Em novembro de 2012, José Salvador Alvarenga, um pescador de 36 anos nascido em El Salvador, deixou a costa do México em um pequeno barco acompanhado de um jovem marinheiro de apenas 22 anos, Ezequiel Córdoba. Após apenas um dia no mar, uma súbita tempestade atingiu o barco, causando danos irreversíveis à embarcação. Alvarenga, no entanto, era um navegador experiente e sabia que precisava manter a calma. Os dois homens se encontravam a 50 milhas de distância da costa.

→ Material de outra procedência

(* Let $H$ be a reasonable Hintikka tree with induced measure $\beta$, and for a sentence $\varphi$ of depth $d$ let $\boldsymbol{\varphi} = \sum_{\delta^{(d)} \in \mathrm{dnf}(\varphi)} \chi_{[\delta^{(0)}\cdots\delta^{(d)}]} \in L^2(\Psi^\omega, \beta)$. Then for all sentences $\varphi, \varphi_1, \varphi_2$: (1) $\langle \boldsymbol{\varphi}, \boldsymbol{\lnot\varphi} \rangle = 0$; (2) $\boldsymbol{\varphi_1 \lor \varphi_2} = \boldsymbol{\varphi_1} \oplus \boldsymbol{\varphi_2}$, where $(f \oplus g)(x) = \max(f(x), g(x))$; (3) if $\langle \boldsymbol{\varphi_1}, \boldsymbol{\varphi_2} \rangle = 0$ then $\varphi_1 \models \lnot \varphi_2$.
   Context: $L$ is a first-order language without equality with finitely many predicate symbols and no function or constant symbols. For $d \in \mathbb{N}$, $\Delta^{(d)}$ is the finite set of Hintikka constituents of depth $d$ with no free variables ($\Delta^{(0)} = \{\top\}$); distinct constituents of the same depth are mutually exclusive, every sentence $\varphi$ of quantifier depth $d$ is logically equivalent to the disjunction of a set $\mathrm{dnf}(\varphi) \subseteq \Delta^{(d)}$ (its Hintikka distributive normal form), and $\mathrm{expand}(e,\delta^{(d)})\subseteq\Delta^{(d+e)}$ denotes the expansions of $\delta^{(d)}$, whose disjunction is equivalent to $\delta^{(d)}$. A fixed decidable criterion of trivial inconsistency for constituents is given; trivially inconsistent constituents are inconsistent (unsatisfiable). Refinement tree: on $\Delta = \bigcup_d \Delta^{(d)}$ put an edge from each $\delta^{(d)}$ to each member of $\mathrm{expand}(1,\delta^{(d)})$, keeping a constituent lying in several depth-$d$ expansions as child of only one of them. A Hintikka tree is a function $H: \Delta \to [0,1]$ with $H(\delta^{(0)}) = 1$ and $H(\delta) = \sum_{\delta' \text{ child of } \delta} H(\delta')$; it is reasonable if $H(\delta) > 0$ for every constituent $\delta$ that is not trivially inconsistent. $\Psi^\omega$ is the set of infinite root paths in the refinement tree with the topology generated by cylinders $[\delta^{(0)}\cdots\delta^{(d)}]$ (paths with that prefix; here $\delta^{(0)}\cdots\delta^{(d)}$ is the root path to $\delta^{(d)}$), $\beta$ is the unique Borel probability measure with $\beta([\delta^{(0)}\cdots\delta^{(d)}]) = H(\delta^{(d)})$, $\chi_X$ is the indicator of $X$, and $L^2(\Psi^\omega,\beta)$ has inner product $\langle f, g\rangle = \int f g\, d\beta$. *)

From HB Require Import structures.
From mathcomp Require Import all_boot all_order all_algebra.
From mathcomp Require Import all_classical all_reals all_analysis.
Set Implicit Arguments. Unset Strict Implicit. Unset Printing Implicit Defensive.
Import Order.TTheory GRing.Theory Num.Theory.
Local Open Scope ring_scope.

(* A first-order language L without equality, with np predicate symbols       *)
(* P_0 .. P_(np-1) of arities ar p, and no function or constant symbols.      *)
Section FOL.
Variables (np : nat) (ar : 'I_np -> nat).

Inductive foform : Type :=
  | FAtom (p : 'I_np) of (ar p).-tuple nat
  | FNot of foform
  | FAnd of foform & foform
  | FOr of foform & foform
  | FImp of foform & foform
  | FEx of nat & foform
  | FAll of nat & foform.

Fixpoint qdepth (f : foform) : nat :=
  match f with
  | FAtom _ _ => 0
  | FNot g => qdepth g
  | FAnd g h | FOr g h | FImp g h => maxn (qdepth g) (qdepth h)
  | FEx _ g | FAll _ g => (qdepth g).+1
  end.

O barco estava seriamente com problemas. Graves problemas. Enquanto a tempestade continuava castigando ferozmente a embarcação, água começou a acumular em seu interior. Assim, Alvarenga pilotava, ao mesmo tempo que Córdoba jogava a água freneticamente de volta ao oceano. Era, inegavelmente, uma corrida contra o tempo.
A embarcação onde os homens estavam tinha apenas 25 pés de comprimento. Era certamente um barco pequeno, sem estrutura elevada, sem janelas, sem luzes de sinalização. Ou seja: era praticamente invisível no mar.

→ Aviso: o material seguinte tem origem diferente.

(* At a common point [x], the coordinate change [p_i = a_1 ^ x_i] turns each
   [x_i = c x_j] into a multiple of [x_i = x_j] and fixes the coordinate normals. *)
Lemma coord_sum_edges_rescale t U :
  central_in n (map (edge_hyp_C a1) E) ->
  coord_sum n t U (map edge_nrm_A E) = coord_sum n t U (map edge_nrm_C E).
Proof.
  intros [x Hx].
  set (p := fun i => exp (x i * ln a1)).
  assert (Hp0 : forall i, p i <> 0) by (intros; apply Rgt_not_eq, exp_pos).
  assert (Hp : forall i j c, In (i, j, c) E -> p i = c * p j).
  { intros i j c Hin. destruct (HE _ Hin) as [Hi [Hj Hc]].
    assert (Hxij := proj1 (on_edge_hyp_C i j c x Hi Hj) (Hx _ (in_map _ _ _ Hin))).
    unfold p. replace (x i * ln a1) with (ln c + x j * ln a1).
    - now rewrite exp_plus, exp_ln.
    - replace (x i) with (x j + ln c / ln a1) by lra. field. auto. }
  assert (He : forall i l, e i l * p l = e i l * p i)
    by (intros i l; unfold e; destruct (Nat.eqb_spec l i); [subst|]; ring).
  unfold coord_sum. apply Rsum_ext. intros S _. do 3 f_equal.
  apply (Rank.rank_vecs_diag_scale n p); auto. apply Forall2_app.
  - apply Forall2_map_same. intros s _. exists (p s). split; auto.
    intros i _. rewrite He. ring.
  - apply Forall2_map_same. intros [[i j] c] Hin. exists (p i). split; auto.
    intros l _. simpl. unfold diff, vlin.
    rewrite Rmult_plus_distr_r, !Rmult_assoc, (He i l), (He j l), (Hp i j c Hin). ring.
Qed.
Lemma center_hco {Z : hvec R n} {k : nat} :
  in_center (heis_br n) Z -> (k < n.*2)%N -> hco Z k = 0.
Proof.
move=> hZ hk; have top_coord v : hco (v *: hbas n n.*2 : hvec R n) n.*2 = v.
  by rewrite hcoZ hco_hbas // eqxx mulr1.
have [kn | nk] := ltnP k n.
  have := hZ (hbas n (n + k)); rewrite heis_br_hbas_shift //.
  by move/(congr1 (hco^~ n.*2)); rewrite top_coord hco0.
have kn' : (k - n < n)%N by move: hk; rewrite -addnn; lia.
have := hZ (hbas n (k - n)); rewrite heis_br_hbas // subnKC //.
by move/(congr1 (hco^~ n.*2)); rewrite top_coord hco0 => /eqP; rewrite oppr_eq0 => /eqP.
Qed.

End HeisenbergBracket.

Section DiagonalMetric.
Context {R : fieldType} {n : nat} {g : 'I_(hdim n) -> R}.
Local Notation ip := (diag_ip n g).
Local Notation br := (heis_br n).
Local Notation g_top := (g (inord n.*2)).

Lemma diag_ipC (X Y : hvec R n) : ip X Y = ip Y X.
Proof. by apply: eq_bigr => k _; rewrite mulrAC. Qed.

Lemma diag_ipZr a (X Y : hvec R n) : ip X (a *: Y) = a * ip X Y.
Proof. by rewrite /diag_ip mulr_sumr; apply: eq_bigr => k _; rewrite mxE; ring. Qed.

Lemma diag_ip_hbasr (X : hvec R n) j : ip X (hbas n j) = g (inord j) * hco X j.
Proof.
rewrite /diag_ip (bigD1 (inord j)) //= big1 ?addr0.
  by rewrite /hbas mxE !eqxx mulr1.
by move=> k hk; rewrite /hbas mxE eqxx /= (negbTE hk) mulr0.
Qed.

Lemma diag_ip_split (X Y : hvec R n) : ip X Y =
  \sum_(i < n) (g (inord i) * hco X i * hco Y i
               + g (inord (n + i)) * hco X (n + i) * hco Y (n + i))
  + g_top * hco X n.*2 * hco Y n.*2.
Proof.
rewrite -(@sum_hdim_split _ n (fun m => g (inord m) * hco X m * hco Y m)).
by apply: eq_bigr => k _; rewrite /hco inord_val.
Qed.

Lemma diag_ip_center_r (X Z : hvec R n) :
  in_center br Z -> ip X Z = g_top * hco X n.*2 * hco Z n.*2.
Proof.
move=> hZ; rewrite diag_ip_split big1 ?add0r // => i _; have hi := ltn_ord i.
by rewrite !(center_hco hZ) ?mulr0 ?addr0 //; rewrite -addnn; lia.
Qed.

Lemma in_Vcompl_hco_top (X : hvec R n) :
  g_top != 0 -> in_Vcompl ip br X -> hco X n.*2 = 0.
Proof.
move=> g_top_neq0 /(_ _ in_center_hbas_top) /eqP.
by rewrite diag_ip_hbasr mulf_eq0 (negbTE g_top_neq0) => /eqP.
Qed.

Lemma in_Vcompl_hbas {k : nat} : (k < n.*2)%N -> in_Vcompl ip br (hbas n k).
Proof. by move=> hk Z hZ; rewrite diag_ipC diag_ip_hbasr (center_hco hZ) ?mulr0. Qed.

Lemma diag_ip_heisenberg_type_rel (i : 'I_n) : g_top != 0 ->
  heisenberg_type ip br -> g_top = g (inord i) * g (inord (n + i)).
Proof.
move=> g_top_neq0 /(_ _ in_center_hbas_top) [J [[JV Jip] JJ]].
have hi := ltn_ord i.
have [hi2 hni2] : (i < n.*2)%N /\ (n + i < n.*2)%N by rewrite -addnn; lia.
have Vi := in_Vcompl_hbas hi2; have Vni := in_Vcompl_hbas hni2.
have := Jip _ _ Vi Vni; rewrite heis_br_hbas_shift // diag_ipZr !diag_ip_hbasr.
rewrite !hco_hbas ?eqxx ?mulr1 ?mul1r; try (rewrite -addnn; lia).
have := Jip _ _ (JV _ Vi) Vi; rewrite heis_br_hbas // (JJ _ Vi) diag_ipC.
rewrite !diag_ipZr !diag_ip_hbasr !hco_hbas ?eqxx ?mulr1; try (rewrite -addnn; lia).
set u := hco (J (hbas n i)) (n + i) => e2 e1.
suff -> : g (inord i) = u by rewrite mulrC e1.
by apply: (mulfI g_top_neq0); apply: oppr_inj; rewrite -mulNr e2 mulrC mulrN.
Qed.

Definition diag_jmap (c : R) (X : hvec R n) : hvec R n :=
  \row_(k < hdim n) if (k < n)%N then - c * hco X (n + k) / g k
                    else if (k < n.*2)%N then c * hco X (k - n) / g k else 0.

Lemma hco_diag_jmap_lo c X i : (i < n)%N ->
  hco (diag_jmap c X) i = - c * hco X (n + i) / g (inord i).
Proof. by move=> hi; rewrite /hco mxE inordK ?hi //; rewrite -addnn; lia. Qed.

Lemma hco_diag_jmap_hi c X i : (i < n)%N ->
  hco (diag_jmap c X) (n + i) = c * hco X i / g (inord (n + i)).
Proof.
move=> hi; rewrite /hco mxE inordK; last by rewrite -addnn; lia.
have [-> ->] : (n + i < n)%N = false /\ (n + i < n.*2)%N.
  by rewrite -addnn; split; lia.
by rewrite addKn.
Qed.

Lemma hco_diag_jmap_top c X : hco (diag_jmap c X) n.*2 = 0.
Proof. by rewrite /hco mxE inordK // !ifF //; rewrite -addnn; lia. Qed.

Hypothesis g_neq0 : forall k, g k != 0.

Lemma is_jmap_diag_jmap Z : in_center br Z ->
  is_jmap ip br Z (diag_jmap (g_top * hco Z n.*2)).
Proof.
move=> hZ; split=> [X _ Z' hZ' | X Y _ _].
  by rewrite diag_ip_center_r // hco_diag_jmap_top mulr0 mul0r.
rewrite /heis_br diag_ipZr diag_ip_hbasr diag_ip_split hco_diag_jmap_top.
rewrite mulr0 mul0r addr0 mulr_suml; apply: eq_bigr => i _; have hi := ltn_ord i.
by rewrite hco_diag_jmap_lo // hco_diag_jmap_hi //; field; rewrite !g_neq0.
Qed.

Lemma diag_jmapK Z X :
  (forall i : 'I_n, g_top = g (inord i) * g (inord (n + i))) ->
  in_center br Z -> in_Vcompl ip br X ->
  diag_jmap (g_top * hco Z n.*2) (diag_jmap (g_top * hco Z n.*2) X)
  = - ip Z Z *: X.
Proof.
move=> g_rel hZ hX; rewrite diag_ip_center_r //; apply: hvecP => [i hi|].
  rewrite !hcoZ hco_diag_jmap_lo // hco_diag_jmap_hi //.
  rewrite hco_diag_jmap_hi // hco_diag_jmap_lo //.
  by rewrite (g_rel (Ordinal hi)) /=; split; field; rewrite !g_neq0.
by rewrite hcoZ hco_diag_jmap_top (in_Vcompl_hco_top _ (g_neq0 _) hX) mulr0.
Qed.

Lemma heisenberg_type_diag_ip :
  (forall i : 'I_n, g_top = g (inord i) * g (inord (n + i))) ->
  heisenberg_type ip br.
Proof.
move=> g_rel Z hZ; exists (diag_jmap (g_top * hco Z n.*2)).
by split; [exact: is_jmap_diag_jmap | move=> X; exact: diag_jmapK].
Qed.

Lemma heisenberg_type_diag_ipP : heisenberg_type ip br <->
  forall i : 'I_n, g_top = g (inord i) * g (inord (n + i)).
Proof.
split; last exact: heisenberg_type_diag_ip.
by move=> HT i; apply: diag_ip_heisenberg_type_rel.
Qed.

End DiagonalMetric.

Section RicciBourguignon.
Context {R : realType} {n : nat} {rho : R} {g0 : 'I_(hdim n) -> R}.
Hypotheses (n_gt0 : (0 < n)%N) (rb_denom_neq0 : n%:R + 2 - n%:R * rho != 0)
  (g0_gt0 : forall k, 0 < g0 k).
Local Notation b := (rb_b n rho g0).
Local Notation g := (rb_sol n rho g0).

Lemma rb_b_neq0 : b != 0.
Proof. by rewrite /rb_b !mulf_neq0 ?invr_neq0 ?mulf_neq0 ?(gt_eqF (g0_gt0 _)). Qed.

Lemma rb_sol_gt0 t k : 0 < 1 + b * t -> 0 < g t k.
Proof.
by move=> s_gt0; rewrite /rb_sol; case: ifP => _; apply: mulr_gt0; rewrite ?g0_gt0 ?powR_gt0.
Qed.

Lemma rb_exponentD :
  let a := (1 - n%:R * rho) / (n%:R + 2 - n%:R * rho) in
  let c := (n%:R + n%:R * rho) / (n%:R * rho - n%:R - 2) in
  a + a = c + 1.
Proof.
have denom_neq0 : n%:R * rho - n%:R - 2 != 0 :> R.
  suff -> : n%:R * rho - n%:R - 2 = - (n%:R + 2 - n%:R * rho) :> R by rewrite oppr_eq0.
  by ring.
by rewrite /=; field; rewrite rb_denom_neq0 denom_neq0.
Qed.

Acima de tudo, estava excessivamente carregado. No convés, havia uma caixa de fibra de vidro do tamanho de uma geladeira, abarrotada de peixes frescos. Além disso, o barco estava carregado com diversos equipamentos, incluindo combustível, água, isca de sardinha, 700 anzóis, incontáveis quilômetros de linhas e diversos outros itens de pesca. Tudo isso contribuia para que a embarcação navegasse de modo mais lento e vulnerável.
Retorno à costa
Alvarenga, no entanto, continuava conduzindo, ainda que lentamente, seu barco em direção à costa. À medida que o tempo piorava, contudo, a determinação do jovem Córdoba se desintegrava. Apesar de ser um homem atlético e forte, capaz de trabalhar 12 horas seguidas sem reclamar, o inexperiente marinheiro passava mal com frequência e já não conseguia auxiliar o capitão adequadamente.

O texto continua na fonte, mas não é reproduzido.